> [WHAT IS BEING ASKED]:
The full set of records is to be reproduced verbatim.

Stored data:
************

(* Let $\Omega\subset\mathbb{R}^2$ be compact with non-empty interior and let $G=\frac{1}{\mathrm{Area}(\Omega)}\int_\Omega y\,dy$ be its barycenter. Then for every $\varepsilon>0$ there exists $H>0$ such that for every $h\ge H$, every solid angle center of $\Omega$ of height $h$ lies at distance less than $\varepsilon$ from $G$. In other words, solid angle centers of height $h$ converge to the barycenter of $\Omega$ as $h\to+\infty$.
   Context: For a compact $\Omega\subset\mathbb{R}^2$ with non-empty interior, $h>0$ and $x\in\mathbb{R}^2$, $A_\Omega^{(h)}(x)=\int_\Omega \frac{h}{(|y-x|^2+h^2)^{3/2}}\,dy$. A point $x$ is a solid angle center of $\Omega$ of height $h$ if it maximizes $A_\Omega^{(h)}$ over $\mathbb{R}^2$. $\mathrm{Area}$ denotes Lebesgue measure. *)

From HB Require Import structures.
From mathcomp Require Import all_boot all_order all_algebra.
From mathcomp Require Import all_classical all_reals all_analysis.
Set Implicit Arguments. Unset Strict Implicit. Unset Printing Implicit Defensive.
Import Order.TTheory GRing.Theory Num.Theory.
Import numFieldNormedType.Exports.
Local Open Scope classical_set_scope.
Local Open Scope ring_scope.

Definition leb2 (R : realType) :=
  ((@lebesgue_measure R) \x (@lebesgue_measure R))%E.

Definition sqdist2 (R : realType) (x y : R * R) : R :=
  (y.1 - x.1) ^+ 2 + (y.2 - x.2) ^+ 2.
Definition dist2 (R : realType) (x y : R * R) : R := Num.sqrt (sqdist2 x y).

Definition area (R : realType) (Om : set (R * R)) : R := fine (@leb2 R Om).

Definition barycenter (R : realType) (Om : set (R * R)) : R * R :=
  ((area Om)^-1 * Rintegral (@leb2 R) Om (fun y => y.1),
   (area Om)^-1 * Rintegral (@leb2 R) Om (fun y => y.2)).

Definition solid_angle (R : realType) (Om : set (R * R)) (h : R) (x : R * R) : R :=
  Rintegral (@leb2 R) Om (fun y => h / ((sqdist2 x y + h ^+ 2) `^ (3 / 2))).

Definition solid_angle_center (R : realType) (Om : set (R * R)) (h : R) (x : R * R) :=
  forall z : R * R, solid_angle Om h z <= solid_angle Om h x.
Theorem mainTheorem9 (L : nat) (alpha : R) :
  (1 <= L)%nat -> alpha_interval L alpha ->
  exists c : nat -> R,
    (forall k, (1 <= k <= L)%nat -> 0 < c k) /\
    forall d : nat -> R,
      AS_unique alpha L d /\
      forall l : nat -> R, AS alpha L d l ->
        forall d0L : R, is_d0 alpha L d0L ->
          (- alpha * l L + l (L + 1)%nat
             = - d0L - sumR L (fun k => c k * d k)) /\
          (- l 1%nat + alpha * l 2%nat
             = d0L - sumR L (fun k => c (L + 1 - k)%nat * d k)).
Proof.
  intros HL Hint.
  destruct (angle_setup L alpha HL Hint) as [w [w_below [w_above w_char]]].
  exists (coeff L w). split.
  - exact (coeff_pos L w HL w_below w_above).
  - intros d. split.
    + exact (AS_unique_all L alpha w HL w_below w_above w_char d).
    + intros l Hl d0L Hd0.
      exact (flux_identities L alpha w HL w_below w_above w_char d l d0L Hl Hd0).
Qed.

************

> [COMPLETED EXERCISE]:
(* Let $\Omega\subset\mathbb{R}^2$ be compact with non-empty interior and let $G=\frac{1}{\mathrm{Area}(\Omega)}\int_\Omega y\,dy$ be its barycenter. Then for every $\varepsilon>0$ there exists $H>0$ such that for every $h\ge H$, every solid angle center of $\Omega$ of height $h$ lies at distance less than $\varepsilon$ from $G$. In other words, solid angle centers of height $h$ converge to the barycenter of $\Omega$ as $h\to+\infty$.
   Context: For a compact $\Omega\subset\mathbb{R}^2$ with non-empty interior, $h>0$ and $x\in\mathbb{R}^2$, $A_\Omega^{(h)}(x)=\int_\Omega \frac{h}{(|y-x|^2+h^2)^{3/2}}\,dy$. A point $x$ is a solid angle center of $\Omega$ of height $h$ if it maximizes $A_\Omega^{(h)}$ over $\mathbb{R}^2$. $\mathrm{Area}$ denotes Lebesgue measure. *)

From HB Require Import structures.
From mathcomp Require Import all_boot all_order all_algebra.
From mathcomp Require Import all_classical all_reals all_analysis.
Set Implicit Arguments. Unset Strict Implicit. Unset Printing Implicit Defensive.
Import Order.TTheory GRing.Theory Num.Theory.
Import numFieldNormedType.Exports.
Local Open Scope classical_set_scope.
Local Open Scope ring_scope.

Definition leb2 (R : realType) :=
  ((@lebesgue_measure R) \x (@lebesgue_measure R))%E.

Definition sqdist2 (R : realType) (x y : R * R) : R :=
  (y.1 - x.1) ^+ 2 + (y.2 - x.2) ^+ 2.
Definition dist2 (R : realType) (x y : R * R) : R := Num.sqrt (sqdist2 x y).

Definition area (R : realType) (Om : set (R * R)) : R := fine (@leb2 R Om).

Definition barycenter (R : realType) (Om : set (R * R)) : R * R :=
  ((area Om)^-1 * Rintegral (@leb2 R) Om (fun y => y.1),
   (area Om)^-1 * Rintegral (@leb2 R) Om (fun y => y.2)).

Definition solid_angle (R : realType) (Om : set (R * R)) (h : R) (x : R * R) : R :=
  Rintegral (@leb2 R) Om (fun y => h / ((sqdist2 x y + h ^+ 2) `^ (3 / 2))).

Definition solid_angle_center (R : realType) (Om : set (R * R)) (h : R) (x : R * R) :=
  forall z : R * R, solid_angle Om h z <= solid_angle Om h x.
Theorem mainTheorem9 (L : nat) (alpha : R) :
  (1 <= L)%nat -> alpha_interval L alpha ->
  exists c : nat -> R,
    (forall k, (1 <= k <= L)%nat -> 0 < c k) /\
    forall d : nat -> R,
      AS_unique alpha L d /\
      forall l : nat -> R, AS alpha L d l ->
        forall d0L : R, is_d0 alpha L d0L ->
          (- alpha * l L + l (L + 1)%nat
             = - d0L - sumR L (fun k => c k * d k)) /\
          (- l 1%nat + alpha * l 2%nat
             = d0L - sumR L (fun k => c (L + 1 - k)%nat * d k)).
Proof.
  intros HL Hint.
  destruct (angle_setup L alpha HL Hint) as [w [w_below [w_above w_char]]].
  exists (coeff L w). split.
  - exact (coeff_pos L w HL w_below w_above).
  - intros d. split.
    + exact (AS_unique_all L alpha w HL w_below w_above w_char d).
    + intros l Hl d0L Hd0.
      exact (flux_identities L alpha w HL w_below w_above w_char d l d0L Hl Hd0).
Qed.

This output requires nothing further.